Work item ▸
What lines of the data hold the string "split"? Pull each one out.

Data for analysis ▸
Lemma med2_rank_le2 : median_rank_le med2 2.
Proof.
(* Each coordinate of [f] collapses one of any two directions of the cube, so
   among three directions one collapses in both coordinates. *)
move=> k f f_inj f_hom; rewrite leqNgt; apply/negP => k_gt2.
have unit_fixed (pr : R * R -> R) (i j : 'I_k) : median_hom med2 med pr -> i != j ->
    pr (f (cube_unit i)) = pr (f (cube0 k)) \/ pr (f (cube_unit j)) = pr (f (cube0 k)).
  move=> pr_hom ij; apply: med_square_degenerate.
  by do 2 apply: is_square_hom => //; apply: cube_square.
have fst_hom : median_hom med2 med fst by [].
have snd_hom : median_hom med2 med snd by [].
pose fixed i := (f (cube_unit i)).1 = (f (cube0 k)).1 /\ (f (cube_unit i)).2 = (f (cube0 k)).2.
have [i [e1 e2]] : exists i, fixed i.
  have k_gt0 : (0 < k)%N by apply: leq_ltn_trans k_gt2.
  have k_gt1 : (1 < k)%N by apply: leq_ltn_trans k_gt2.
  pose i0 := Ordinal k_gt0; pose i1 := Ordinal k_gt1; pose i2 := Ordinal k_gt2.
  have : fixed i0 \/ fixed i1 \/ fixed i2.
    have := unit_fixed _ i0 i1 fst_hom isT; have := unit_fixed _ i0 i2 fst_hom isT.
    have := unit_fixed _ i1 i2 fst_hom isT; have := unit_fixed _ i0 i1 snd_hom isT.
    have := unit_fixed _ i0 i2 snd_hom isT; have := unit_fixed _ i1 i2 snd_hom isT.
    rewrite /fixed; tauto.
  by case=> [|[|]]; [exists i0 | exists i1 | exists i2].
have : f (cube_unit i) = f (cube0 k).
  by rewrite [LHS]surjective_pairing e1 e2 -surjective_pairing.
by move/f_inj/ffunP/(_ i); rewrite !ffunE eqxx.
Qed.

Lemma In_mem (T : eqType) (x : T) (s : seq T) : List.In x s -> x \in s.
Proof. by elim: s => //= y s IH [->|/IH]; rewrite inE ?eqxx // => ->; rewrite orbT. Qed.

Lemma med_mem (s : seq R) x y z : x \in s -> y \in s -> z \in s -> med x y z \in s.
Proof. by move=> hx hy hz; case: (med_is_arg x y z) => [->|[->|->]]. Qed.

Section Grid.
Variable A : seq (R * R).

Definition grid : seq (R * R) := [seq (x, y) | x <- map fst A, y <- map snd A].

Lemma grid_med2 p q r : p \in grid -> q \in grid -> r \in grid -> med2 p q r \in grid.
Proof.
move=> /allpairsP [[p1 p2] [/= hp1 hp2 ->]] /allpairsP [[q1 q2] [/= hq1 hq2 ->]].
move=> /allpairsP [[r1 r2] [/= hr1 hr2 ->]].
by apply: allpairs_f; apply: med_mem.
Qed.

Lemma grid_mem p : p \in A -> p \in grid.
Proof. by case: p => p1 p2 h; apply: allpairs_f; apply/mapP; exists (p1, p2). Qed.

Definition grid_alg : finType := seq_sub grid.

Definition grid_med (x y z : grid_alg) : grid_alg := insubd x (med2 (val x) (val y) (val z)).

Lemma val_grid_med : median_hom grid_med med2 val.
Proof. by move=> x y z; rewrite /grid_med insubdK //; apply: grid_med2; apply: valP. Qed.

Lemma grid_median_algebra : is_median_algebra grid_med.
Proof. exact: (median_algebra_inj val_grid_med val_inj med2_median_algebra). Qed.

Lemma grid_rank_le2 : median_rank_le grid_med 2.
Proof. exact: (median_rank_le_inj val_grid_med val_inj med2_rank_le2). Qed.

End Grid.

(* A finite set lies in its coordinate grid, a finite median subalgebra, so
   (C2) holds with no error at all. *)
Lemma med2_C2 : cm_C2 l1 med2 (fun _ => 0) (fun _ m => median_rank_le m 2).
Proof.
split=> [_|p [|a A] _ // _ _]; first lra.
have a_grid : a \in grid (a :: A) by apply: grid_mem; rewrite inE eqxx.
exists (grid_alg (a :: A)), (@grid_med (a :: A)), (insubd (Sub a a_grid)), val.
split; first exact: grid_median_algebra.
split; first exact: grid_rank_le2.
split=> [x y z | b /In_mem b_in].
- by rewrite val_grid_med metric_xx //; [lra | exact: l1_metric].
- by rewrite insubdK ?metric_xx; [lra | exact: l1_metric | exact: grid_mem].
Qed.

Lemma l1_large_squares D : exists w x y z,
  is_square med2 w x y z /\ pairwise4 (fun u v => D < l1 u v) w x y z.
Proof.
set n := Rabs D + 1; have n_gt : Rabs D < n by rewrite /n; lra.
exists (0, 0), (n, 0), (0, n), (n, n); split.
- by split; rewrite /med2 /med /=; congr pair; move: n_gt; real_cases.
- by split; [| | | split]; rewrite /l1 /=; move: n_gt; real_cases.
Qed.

Answer section ▸
split=> [_|p [|a A] _ // _ _]; first lra.
split; first exact: grid_median_algebra.
split; first exact: grid_rank_le2.
split=> [x y z | b /In_mem b_in].
exists (0, 0), (n, 0), (0, n), (n, n); split.
- by split; rewrite /med2 /med /=; congr pair; move: n_gt; real_cases.
- by split; [| | | split]; rewrite /l1 /=; move: n_gt; real_cases.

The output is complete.